Wednesday, 12 October 2011

More old stuff...

Been busy the last week helping a friend out, but now, as promised, a selection of more stuff of old:




This is the dwarf mentioned in the last post. My second sculpt and the first sculpt ever to be eternalised in tin...  Oh, and my paint job as well...  :-D


 My third sculpt and my first shot at human anatomy. A bit stocky, that fellow...^^


A fun project. Santa rising from the grave to attend to his duties...


Oh yes, this one was special. Started for fun in 2004 when a friend visited me for a sculpting session I soon got carried away going way too far into detail and finding myself unable to stop. A full dragon was intended, but the beast would have been enormous, so it ended up as a bust. After 4 years of working on it whenever I felt like doing so, hrhr... Obtainable at Masquerade Miniatures.


One of the more recent projects this started out in summer 2010. It was so hot back then that I nearly melted sculpting this while sitting in my working office located under the roof. Finishing this one I did two conversions, while Stefan, the master mind of Masquerade Miniatures, did two more, so in the end there was a whooping 5 different wolves to be had. Here are mine:


These are obtainable from Masquerade Miniatures, cast in tin. I just say: Heavy Metal!




The last pics for today show two of the three Giant Bats I did while working for Masquerade Miniatures. The need for those arose because the alternatives out there where not to our liking, so there. D.I.Y.-style. Interesting for all those Vampire Counts out there... ^^.

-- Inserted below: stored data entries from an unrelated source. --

Lemma closed_loop_ode_solution j : (j < q)%N ->
  ode_solution f (j%:R * T) (j.+1%:R * T) (us j) s.
Proof.
case: loop => s_cont [s_ode _] jq; split; last exact: s_ode.
apply: continuous_subspaceW s_cont => t /=; rewrite !in_itv /= => /andP[jt tj].
rewrite (le_trans tj) ?sample_time_le // andbT.
by apply: le_trans jt; rewrite mulr_ge0 // ltW.
Qed.

Lemma closed_loop_commands_in (U : seq 'rV[R]_d) :
  us 0 \in U -> (forall y, Post y \in U) -> forall j, (j <= q)%N -> us j \in U.
Proof. by case: loop => _ [_ us_next] us0U PostU [|j] // jq; rewrite us_next. Qed.

End ClosedLoop.

Section Soundness.
Variables (R : realType) (l d m p : nat)
  (f : R -> 'rV[R]_l -> 'rV[R]_d -> 'rV[R]_l) (T : R) (q : nat)
  (U : seq 'rV[R]_d) (lam : 'rV[R]_d -> relu_net R m p)
  (Pre : 'rV[R]_l -> 'rV[R]_m) (Post : 'rV[R]_p -> 'rV[R]_d)
  (Targ : 'rV[R]_l -> 'rV[R]_d -> Prop)
  (sim : R -> R -> box R l -> 'rV[R]_d -> box R l * box R l)
  (Presh : box R l -> box R m) (Fsh : relu_net R m p -> box R m -> box R p)
  (Postsh : box R p -> seq 'rV[R]_d) (R0 : seq (symstate R l d))
  (s : R -> 'rV[R]_l) (us : nat -> 'rV[R]_d).
Hypothesis T_gt0 : 0 < T.
Hypothesis sim_sound : forall (t1 t2 : R) (b : box R l) (u : 'rV[R]_d)
    (s : R -> 'rV[R]_l),
  t1 <= t2 -> u \in U -> ode_solution f t1 t2 u s -> in_box b (s t1) ->
  (forall t, t1 <= t <= t2 -> in_box (sim t1 t2 b u).1 (s t)) /\
  in_box (sim t1 t2 b u).2 (s t2).
Hypothesis Presh_sound : forall (b : box R l) x,
  in_box b x -> in_box (Presh b) (Pre x).
Hypothesis Fsh_sound : forall (u : 'rV[R]_d) (b : box R m) y,
  u \in U -> in_box b y -> in_box (Fsh (lam u) b) (net_eval (lam u) y).
Hypothesis Postsh_sound : forall (b : box R p) y, in_box b y -> Post y \in Postsh b.
Hypothesis loop : closed_loop f T q Pre Post lam s us.
Hypothesis us_in : forall j, (j <= q)%N -> us j \in U.
Hypothesis R0_covers : exists b, List.In (b, us 0) R0 /\ in_box b (s 0).

Local Notation Rsym := (proc_seq T lam Targ sim Presh Fsh Postsh R0).

Lemma sim_sound_on_period j b : (j < q)%N -> in_box b (s (j%:R * T)) ->
  (forall t, j%:R * T <= t <= j.+1%:R * T ->
     in_box (sim (j%:R * T) (j.+1%:R * T) b (us j)).1 (s t)) /\
  in_box (sim (j%:R * T) (j.+1%:R * T) b (us j)).2 (s (j.+1%:R * T)).
Proof.
move=> jq bs; apply: sim_sound bs; first by rewrite sample_time_le.
  exact: us_in (ltnW jq).
exact (closed_loop_ode_solution T_gt0 loop jq).
Qed.

Lemma proc_seq_sound k : (k <= q)%N ->
  (forall i, (i < k)%N -> ~ Targ (s (i%:R * T)) (us i)) ->
  exists b, List.In (b, us k) (Rsym k) /\ in_box b (s (k%:R * T)).
Proof.
elim: k => [|k IHk] kq alive; first by rewrite mul0r.
have [b [bRk bs]] := IHk (ltnW kq) (fun i ik => alive i (ltnW ik)).
have b_prop := In_propagated bRk bs (alive k (ltnSn k)).
have [_ sim_end] := sim_sound_on_period kq bs.
exists (sim (k%:R * T) (k.+1%:R * T) b (us k)).2; split=> //.
case: loop => _ [_ us_next]; rewrite /= us_next //.
apply: In_proc_next b_prop _; apply/mem_In/Postsh_sound/Fsh_sound.
  exact: us_in (ltnW kq).
exact: Presh_sound.
Qed.

Lemma proc_interval_sound j t : (j < q)%N ->
  (forall i, (i <= j)%N -> ~ Targ (s (i%:R * T)) (us i)) ->
  j%:R * T <= t <= j.+1%:R * T ->
  exists b, List.In (b, us j) (proc_interval T Targ sim j (Rsym j)) /\
            in_box b (s t).
Proof.
move=> jq alive jt.
have [b [bRj bs]] := proc_seq_sound (ltnW jq) (fun i ij => alive i (ltnW ij)).
have b_prop := In_propagated bRj bs (alive j (leqnn j)).
have [sim_enc _] := sim_sound_on_period jq bs.
exists (sim (j%:R * T) (j.+1%:R * T) b (us j)).1; split; last exact: sim_enc.
exact: In_proc_interval b_prop.
Qed.

End Soundness.

Theorem theorem1 (R : realType) (l d m p : nat)
  (f : R -> 'rV[R]_l -> 'rV[R]_d -> 'rV[R]_l)
  (T : R) (q : nat)
  (U : seq 'rV[R]_d)
  (lam : 'rV[R]_d -> relu_net R m p)
  (Pre : 'rV[R]_l -> 'rV[R]_m) (Post : 'rV[R]_p -> 'rV[R]_d)
  (Init Targ : 'rV[R]_l -> 'rV[R]_d -> Prop)
  (sim : R -> R -> box R l -> 'rV[R]_d -> box R l * box R l)
  (Presh : box R l -> box R m) (Fsh : relu_net R m p -> box R m -> box R p)
  (Postsh : box R p -> seq 'rV[R]_d)
  (R0 : seq (symstate R l d)) :
  (* f continuous in (t, u) and uniformly Lipschitz in s *)
  (forall x : 'rV[R]_l, continuous (fun tu : R * 'rV[R]_d => f tu.1 x tu.2)) ->
  (exists L : R, forall (t : R) (x y : 'rV[R]_l) (u : 'rV[R]_d),
      `|f t x u - f t y u| <= L * `|x - y|) ->
  0 < T ->
  (* Post takes values in U; I and the target are subsets of R^l x U *)
  (forall y, Post y \in U) ->
  (forall x u, Init x u -> u \in U) ->
  (forall x u, Targ x u -> u \in U) ->
  (* soundness of validated simulation *)
  (forall (t1 t2 : R) (b : box R l) (u : 'rV[R]_d) (s : R -> 'rV[R]_l),
      t1 <= t2 -> u \in U -> ode_solution f t1 t2 u s -> in_box b (s t1) ->
      (forall t, t1 <= t <= t2 -> in_box (sim t1 t2 b u).1 (s t)) /\
      in_box (sim t1 t2 b u).2 (s t2)) ->
  (* soundness of the abstract transformers *)
  (forall (b : box R l) x, in_box b x -> in_box (Presh b) (Pre x)) ->
  (forall (u : 'rV[R]_d) (b : box R m) y, u \in U -> in_box b y ->
      in_box (Fsh (lam u) b) (net_eval (lam u) y)) ->
  (forall (b : box R p), {subset Postsh b <= U}) ->
  (forall (b : box R p) y, in_box b y -> Post y \in Postsh b) ->
  (* the initial symbolic set contains I *)
  (forall x u, Init x u -> exists b, Stdlib.Lists.List.In (b, u) R0 /\ in_box b x) ->
  forall x u, reach_nonbot f T q Pre Post lam Init Targ x u ->
    proc_output T lam Targ sim Presh Fsh Postsh R0 q x u.
Proof.
move=> _ _ T_gt0 PostU InitU _ sim_sound Presh_sound Fsh_sound _ Postsh_sound
  R0_covers x u [s [us [init [loop [t [j [/andP[t_ge0 t_le] /andP[jt tj] -> -> alive]]]]]]].
have us_in := closed_loop_commands_in loop (InitU _ _ init) PostU.
have alive_sampled i : i%:R * T < t -> ~ Targ (s (i%:R * T)) (us i).
  move=> it; apply: alive; first by rewrite it mulr_ge0 // ltW.
  by rewrite lexx /= (sample_time_lt _ _ T_gt0).
have R0_s := R0_covers _ _ init.
have jq : (j <= q)%N by rewrite -(sample_time_le _ _ T_gt0) (le_trans jt).
exists j; have [tj_eq | tj_neq] := eqVneq t (j%:R * T).
  right; split=> //; rewrite tj_eq.
  apply: (proc_seq_sound T_gt0 sim_sound Presh_sound Fsh_sound Postsh_sound
    loop us_in R0_s jq) => i ij.
  by move: ij; rewrite -(sample_time_lt _ _ T_gt0) -tj_eq; apply: alive_sampled.
have jt_lt : j%:R * T < t by rewrite lt_neqAle eq_sym tj_neq.
have jq' : (j < q)%N by rewrite -(sample_time_lt _ _ T_gt0) (lt_le_trans jt_lt).
left; split=> //.
apply: (proc_interval_sound T_gt0 sim_sound Presh_sound Fsh_sound Postsh_sound
  loop us_in R0_s jq'); last by rewrite jt ltW.
move=> i ij; apply: alive_sampled; apply: le_lt_trans jt_lt.
by rewrite (sample_time_le _ _ T_gt0).
Qed.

So there you go, a small selection of what I did in the past. Next time I write will be something up to date.

Cheers,

Gregor



Saturday, 1 October 2011

Now it is official!

Hiho everybody

From this very day on I am now a freelance sculptor.

Hooray!

If someone would have predicted that two years ago I would have had a good laugh and surely not believed it.

But that is life: It always holds many surprises and now I am really looking forward to this endeavour and chapter in my life.
I would be happy to let those who are interested partake in this enterprise and so I will show in this blog what is happening on my workbench whenever I find the time to do so.

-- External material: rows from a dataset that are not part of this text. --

(* Let $r,t,\ell,m$ be integers with $1 \le r \le \ell \le m$ and $1 \le t < \ell$. Then $$\hat{\mathfrak w}_r(t;\ell,m) = A(r,t)-A(r,t-1)+ q^{m-1}\mu_{t-1}(\ell-1,m),$$ where for $0\le s<\ell$, $$A(r,s):=q^{s}\, \hat{\mathfrak w}_{r-1}(s;\ell-1,m-1)+q^{s-1}\bigl(\mu_s(\ell-1, m)-\mu_s(\ell-1,m-1)\bigr).$$
   Context: $q$ is a prime power. For nonnegative integers $a,b,t$, $\mu_t(a,b)$ denotes the number of $a\times b$ matrices over $\mathbb{F}_q$ of rank exactly $t$ (so $\mu_0(a,b)=1$ and $\mu_t(a,b)=0$ if $t>\min(a,b)$). For an $a\times b$ matrix $M=(m_{ij})$ and $0\le r\le a$, $\tau_r(M)=m_{11}+\cdots+m_{rr}$, with $\tau_0=0$. For $0\le r\le a$ and $t\ge 0$, $\mathfrak w_r(t;a,b)$ is the number of $a\times b$ matrices $M$ over $\mathbb{F}_q$ of rank exactly $t$ with $\tau_r(M)\ne 0$ (so $\mathfrak w_0(t;a,b)=0$ and $\mathfrak w_r(0;a,b)=0$), and $\hat{\mathfrak w}_r(t;a,b)=\mathfrak w_r(t;a,b)/(q-1)$. *)

(* The field F_q is modelled as an arbitrary finite field F;
   q := #|F| (finite fields are exactly the F_q with q a prime power). *)
From HB Require Import structures.
From mathcomp Require Import all_boot all_order all_algebra all_field.
Set Implicit Arguments. Unset Strict Implicit. Unset Printing Implicit Defensive.
Import Order.TTheory GRing.Theory Num.Theory.
Local Open Scope ring_scope.

Definition mu (F : finFieldType) (t a b : nat) : nat :=
  #|[set M : 'M[F]_(a, b) | \rank M == t]|.

(* tau_r(M) = m_11 + ... + m_rr (0-indexed: entries (i,i) with i < r) *)
Definition tau (F : finFieldType) (a b : nat) (r : nat) (M : 'M[F]_(a, b)) : F :=
  \sum_(i < a) \sum_(j < b | ((i : nat) == j) && (i < r)%N) M i j.

Definition w (F : finFieldType) (r t a b : nat) : nat :=
  #|[set M : 'M[F]_(a, b) | (\rank M == t) && (tau r M != 0)]|.

Definition what (F : finFieldType) (r t a b : nat) : rat :=
  (w F r t a b)%:R / ((#|F|)%:R - 1).

(* A(r,s) = q^s hat w_{r-1}(s;l-1,m-1) + q^(s-1) (mu_s(l-1,m) - mu_s(l-1,m-1)),
   computed in rat; q^(s-1) is an integer power (so q^(-1) when s = 0). *)
Definition A_rs (F : finFieldType) (l m r s : nat) : rat :=
  (#|F|%:R : rat) ^+ s * what F r.-1 s l.-1 m.-1
  + (#|F|%:R : rat) ^ (s%:Z - 1)
    * ((mu F s l.-1 m)%:R - (mu F s l.-1 m.-1)%:R).

From HB Require Import structures.
From mathcomp Require Import all_boot all_order all_algebra all_field.
From mathcomp Require Import ring.
Set Implicit Arguments. Unset Strict Implicit. Unset Printing Implicit Defensive.
Import Order.TTheory GRing.Theory Num.Theory.
Local Open Scope ring_scope.

(* Write an (l x m) matrix as M = [[x, u], [v, N]] with N of size (l-1) x (m-1).
   Then tau_r(M) = x + tau_(r-1)(N), and rank M - rank N is 0, 1 or 2 according
   to whether u lies in the row space of N, v in its column space, and x equals
   u N^+ v (N^+ a pseudo-inverse; x - u N^+ v is the Schur complement).  For a
   fixed N of rank s, coordinates in bases of the two spaces turn u N^+ v into a
   dot product on F^s, whose level sets are counted explicitly.  Summing over N
   writes w_r(t; l, m) in terms of mu and w_(r-1) in size (l-1) x (m-1); the
   column recursion for mu(s; l-1, m) then makes the identity a rational
   function identity in q. *)

Section BorderedRank.
Variable F : fieldType.

Lemma mxrank_col_mx_rV m n (r : 'rV[F]_n) (A : 'M_(m, n)) :
  \rank (col_mx r A) = (\rank A + ~~ (r <= A)%MS)%N.
Proof.
rewrite -addsmxE.
have [le_A eq_A] := mxrank_leqif_sup (addsmxSr r A).
have le_rA : (\rank (r + A)%MS <= \rank A + 1)%N.
  by rewrite addnC (leq_trans (mxrank_adds_leqif r A).1) ?leq_add2r ?rank_leq_row.
move: eq_A; rewrite addsmx_sub submx_refl andbT.
case: (r <= A)%MS => [/eqP <-|/negbT neq_rA]; first by rewrite addn0.
by apply/eqP; rewrite eqn_leq le_rA addn1 ltn_neqAle neq_rA le_A.
Qed.

Lemma mxrank_row_mx_cV m n (v : 'cV[F]_m) (A : 'M_(m, n)) :
  \rank (row_mx v A) = (\rank A + ~~ (v^T <= A^T)%MS)%N.
Proof. by rewrite -mxrank_tr tr_row_mx mxrank_col_mx_rV mxrank_tr. Qed.

Definition pinv_form n k (N : 'M[F]_(n, k)) (u : 'rV_k) (v : 'cV_n) : F :=
  (u *m pinvmx N *m v) 0 0.

Lemma row_mx_scalar_submx n k (x : F) (u : 'rV_k) (v : 'cV_n) (N : 'M_(n, k)) :
  (v^T <= N^T)%MS ->
  (row_mx x%:M u <= row_mx v N)%MS = (u <= N)%MS && (x == pinv_form N u v).
Proof.
move=> /submxP[z /(congr1 trmx)]; rewrite trmx_mul !trmxK => ->.
apply/submxP/andP => [[y]|[uN /eqP ->]].
  rewrite mul_mx_row => /eq_row_mx[xE uE]; have uN : (u <= N)%MS by rewrite uE submxMl.
  by rewrite uN /pinv_form mulmxA (mulmxKpV uN) uE -mulmxA -xE mxE eqxx mulr1n.
exists (u *m pinvmx N); rewrite mul_mx_row (mulmxKpV uN).
by rewrite /pinv_form -mx11_scalar mulmxA.
Qed.

Lemma mxrank_bordered n k (x : F) (u : 'rV_k) (v : 'cV_n) (N : 'M_(n, k)) :
  \rank (block_mx x%:M u v N) =
    (\rank N + ~~ (u <= N)%MS + ~~ (v^T <= N^T)%MS
     + [&& (u <= N)%MS, (v^T <= N^T)%MS & x != pinv_form N u v])%N.
Proof.
have [vN|vNn] := boolP (v^T <= N^T)%MS.
  rewrite /block_mx mxrank_col_mx_rV mxrank_row_mx_cV vN row_mx_scalar_submx //.
  by case: (u <= N)%MS; rewrite /= ?addn0.
rewrite -mxrank_tr tr_block_mx /block_mx mxrank_col_mx_rV mxrank_row_mx_cV !trmxK.
have -> : (row_mx x%:M^T v^T <= row_mx u^T N^T)%MS = false.
  apply/negP => /submxP[y]; rewrite mul_mx_row => /eq_row_mx[_ vE].
  by move/negP: vNn; apply; rewrite vE submxMl.
by rewrite mxrank_tr andbF addn0 addnAC.
Qed.

End BorderedRank.

Section SpaceSums.
Variables (F : finFieldType) (n k : nat) (N : 'M[F]_(n, k)).

Lemma sum_rowspace (V : nmodType) (g : 'rV[F]_k -> V) :
  \sum_(u | (u <= N)%MS) g u = \sum_(y : 'rV_(\rank N)) g (y *m row_base N).
Proof.
rewrite (reindex_onto (mulmxr (row_base N)) (mulmxr (pinvmx (row_base N)))) /=.
  apply: eq_bigl => y; rewrite -(eq_row_base N) submxMl /=.
  by rewrite -mulmxA mulmxVp ?row_base_free // mulmx1 eqxx.
by move=> u uN; rewrite mulmxKpV // eq_row_base.
Qed.

Lemma mulmx_col_base (z : 'cV_(\rank N)) :
  col_base N *m z = N *m (pinvmx (row_base N) *m z).
Proof.
rewrite -[X in X *m (_ *m z)](mulmx_base N) -mulmxA (mulmxA (row_base N)).
by rewrite mulmxVp ?row_base_free ?mul1mx.
Qed.

Lemma sum_colspace (V : nmodType) (g : 'cV[F]_n -> V) :
  \sum_(v | (v^T <= N^T)%MS) g v = \sum_(z : 'cV_(\rank N)) g (col_base N *m z).
Proof.
rewrite (reindex_onto (mulmx (col_base N)) (mulmx (pinvmx (col_base N)))) /=.
  apply: eq_bigl => z; rewrite mulmxA mulVpmx ?col_base_full // mul1mx eqxx andbT.
  by rewrite mulmx_col_base trmx_mul submxMl.
move=> v /submxP[w /(congr1 trmx)]; rewrite trmx_mul !trmxK => ->.
rewrite -[X in X *m w^T](mulmx_base N) -mulmxA (mulmxA (pinvmx _)).
by rewrite mulVpmx ?col_base_full // mul1mx.
Qed.

Lemma pinv_form_base (y : 'rV_(\rank N)) (z : 'cV_(\rank N)) :
  pinv_form N (y *m row_base N) (col_base N *m z) = (y *m z) 0 0.
Proof.
have yN : (y *m row_base N <= N)%MS by rewrite -(eq_row_base N) submxMl.
rewrite mulmx_col_base /pinv_form mulmxA (mulmxKpV yN).
by rewrite -mulmxA (mulmxA (row_base N)) mulmxVp ?row_base_free // mul1mx.
Qed.

End SpaceSums.

Lemma sum_boolrM (R : pzSemiRingType) (T : finType) (P : pred T) (f : T -> R) :
  \sum_(x : T) (P x)%:R * f x = \sum_(x | P x) f x.
Proof.
by rewrite [RHS]big_mkcond; apply: eq_bigr => x _; case: (P x); rewrite ?mul1r ?mul0r.
Qed.

Lemma sum_boolr (R : pzSemiRingType) (T : finType) (P : pred T) :
  \sum_(x : T) ((P x)%:R : R) = \sum_(x | P x) 1.
Proof. by rewrite -[RHS]sum_boolrM; apply: eq_bigr => x _; rewrite mulr1. Qed.

Lemma natr_negb (R : pzRingType) (b : bool) : ((~~ b)%:R : R) = 1 - b%:R.
Proof. by case: b; rewrite ?subrr ?subr0. Qed.

Lemma natr_and (R : pzSemiRingType) (a b : bool) : ((a && b)%:R : R) = a%:R * b%:R.
Proof. by case: a; rewrite ?mul1r ?mul0r. Qed.

Lemma natr_eq_addb (R : pzRingType) (r s : nat) (b : bool) :
  (((r + b)%N == s)%:R : R) = (r == s)%:R + b%:R * ((r.+1 == s)%:R - (r == s)%:R).
Proof. by case: b; rewrite ?addn0 ?addn1 ?mul1r ?mul0r ?addr0 // addrC subrK. Qed.

Lemma sumr_const_mul (R : pzSemiRingType) (T : finType) (c : R) :
  \sum_(x : T) c = c * #|T|%:R.
Proof. by rewrite sumr_const mulr_natr. Qed.

Lemma natr_card_set (R : pzSemiRingType) (T : finType) (P : pred T) :
  (#|[set x | P x]|%:R : R) = \sum_(x : T) (P x)%:R.
Proof. by rewrite sum_boolr -sum1dep_card natr_sum. Qed.

Section FiniteField.
Variable F : finFieldType.
Local Notation q := #|F|.
Local Notation Q := (#|F|%:R : rat).

Lemma sum_notin_rowspace n k (N : 'M[F]_(n, k)) :
  \sum_(u : 'rV_k) ((~~ (u <= N)%MS)%:R : rat) = Q ^+ k - Q ^+ \rank N.
Proof.
rewrite (eq_bigr _ (fun u _ => natr_negb _ _)) sumrB sumr_const card_mx mul1n natrX.
by rewrite sum_boolr sum_rowspace sumr_const card_mx mul1n natrX.
Qed.

Lemma sum_notin_colspace n k (N : 'M[F]_(n, k)) :
  \sum_(v : 'cV_n) ((~~ (v^T <= N^T)%MS)%:R : rat) = Q ^+ n - Q ^+ \rank N.
Proof.
rewrite (eq_bigr _ (fun v _ => natr_negb _ _)) sumrB sumr_const card_mx muln1 natrX.
by rewrite sum_boolr sum_colspace sumr_const card_mx muln1 natrX.
Qed.

Definition dot_fibre s (y : 'rV[F]_s) (d : F) := [set z : 'cV_s | (y *m z) 0 0 == d].

Lemma card_dot_fibre s (y : 'rV[F]_s) (d : F) : y != 0 -> #|dot_fibre y d| = (q ^ s.-1)%N.
Proof.
move=> y_neq0; have [j yj_neq0] : exists j, y 0 j != 0.
  apply/existsP; apply: contraR y_neq0 => /existsPn y0.
  by apply/eqP/matrixP => i j; rewrite ord1 mxE; apply/eqP/negPn/y0.
pose z0 : 'cV_s := \col_i (if i == j then (y 0 j)^-1 else 0).
have yz0 : (y *m z0) 0 0 = 1.
  rewrite mxE (bigD1 j) //= big1 => [|i /negbTE ij]; last by rewrite mxE ij mulr0.
  by rewrite mxE eqxx addr0 mulfV.
have fibre_le d1 d2 : (#|dot_fibre y d1| <= #|dot_fibre y d2|)%N.
  have shift_inj : injective (fun z : 'cV_s => z + (d2 - d1) *: z0) by move=> ? ? /addIr.
  rewrite -(card_imset _ shift_inj); apply/subset_leq_card/subsetP => z1 /imsetP[z].
  rewrite !inE => /eqP yz ->; rewrite mulmxDr -scalemxAr [X in X == _]mxE [X in _ + X]mxE yz yz0.
  by rewrite mulr1 addrC subrK.
have card_all : (\sum_(d2 : F) #|dot_fibre y d2| = q ^ s)%N.
  rewrite -[s in (_ ^ s)%N]muln1 -card_mx -sum1_card.
  rewrite (partition_big (fun z : 'cV_s => (y *m z) 0 0) predT) //=.
  by apply: eq_bigr => d2 _; rewrite -sum1dep_card.
have {card_all} : (q * #|dot_fibre y d| = q ^ s)%N.
  rewrite -card_all -sum_nat_const; apply: eq_bigr => d2 _.
  by apply/eqP; rewrite eqn_leq !fibre_le.
case: s y y_neq0 j {yj_neq0 z0 yz0 fibre_le} => [|s] y _ j; first by case: j.
by rewrite expnS => /eqP; rewrite eqn_pmul2l ?(ltnW (card_finNzRing_gt1 F)) // => /eqP.
Qed.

At the moment I am working on a commission for a polish company, of course I can not show any pictures of that.
Nevertheless I would like to share some impressiones of my collected works I have done so far beginning with my very first scratch build miniature.
Of course it could not be anything other than a dwarf:







As a matter of course there is also a story behind this miniature.

Being introduced to the tabletop hobby by a friend way back in 1992 I soon started to be an ardent collector of everything dwarven. Painting my miniatures came to me naturally as I did historical modelling before I got into tabletop, so painting was not new to me.
Eventually I learned that with painting miniatures on a semi proffesional level I could combine hobby with making money. Must have been in 1999 when I answered a job offer from Hobby Products for painting their miniatures as a freelance painter.
Hobby Products had an own game in 15mm scale called Demonworld and as far as I know they also produced the miniatures for Armallion, the DSA tabletop game.
Necessary painting skills back then were not the same as today (and payment wasn't either) but it was still great fun. So I went to introduce myself to said company to show them my painted minis and thus became acquainted with none other than Werner Klocke. In that time Klocke was employed by Hobby Products as sculptor and had to judge my painting skills.
I got the job and did a bunch of painting jobs for the Demonworld line.
That is how I got introduced into the tabletop scene where I also got to know Stefan Niehues, back then the other Hobby Products sculptor and in later times my "sculpting mentor", so to say.

To cut a long story short, Werner Klocke sold me a roll of Greenstuff for 30 Deutsche Mark (the miser...) and that was the very beginning of my sculpting career.
At first I did just minor conversions but in the end I did my first miniature from scratch, the dwarf you can see above. That must have been in 2001. The dwarf was meant to bolster a regiment of spear-carrying clandwarves (dwarves were allowed to take spears back then, 4th Warhammer edition, I think...) so of course I also painted it. Yep, that means the original green...
I soon did a second dwarf and before I painted that one too, Stefan Niehues introduced me to Thomas Palm, head and owner of Assassin Miniatures. He was very interested in my second dwarf so in the end I sold him the sculpt and got my second sculpt released - what a career... :-)

When I told him that I had done another dwarf but had it painted he really wanted to tweak my ears and assigned me to get rid of the paint so we could release that dwarf too.
No sooner said than done, in the end even my first sculpt got released by Assassin Miniatures, which for me then was very exhilarating.

Hah, now I got carried away spilling the beans about some very old inside story. Hope it wasn't too boring. :-) Anyway, that is how I came to do my first sculpt and even got it released.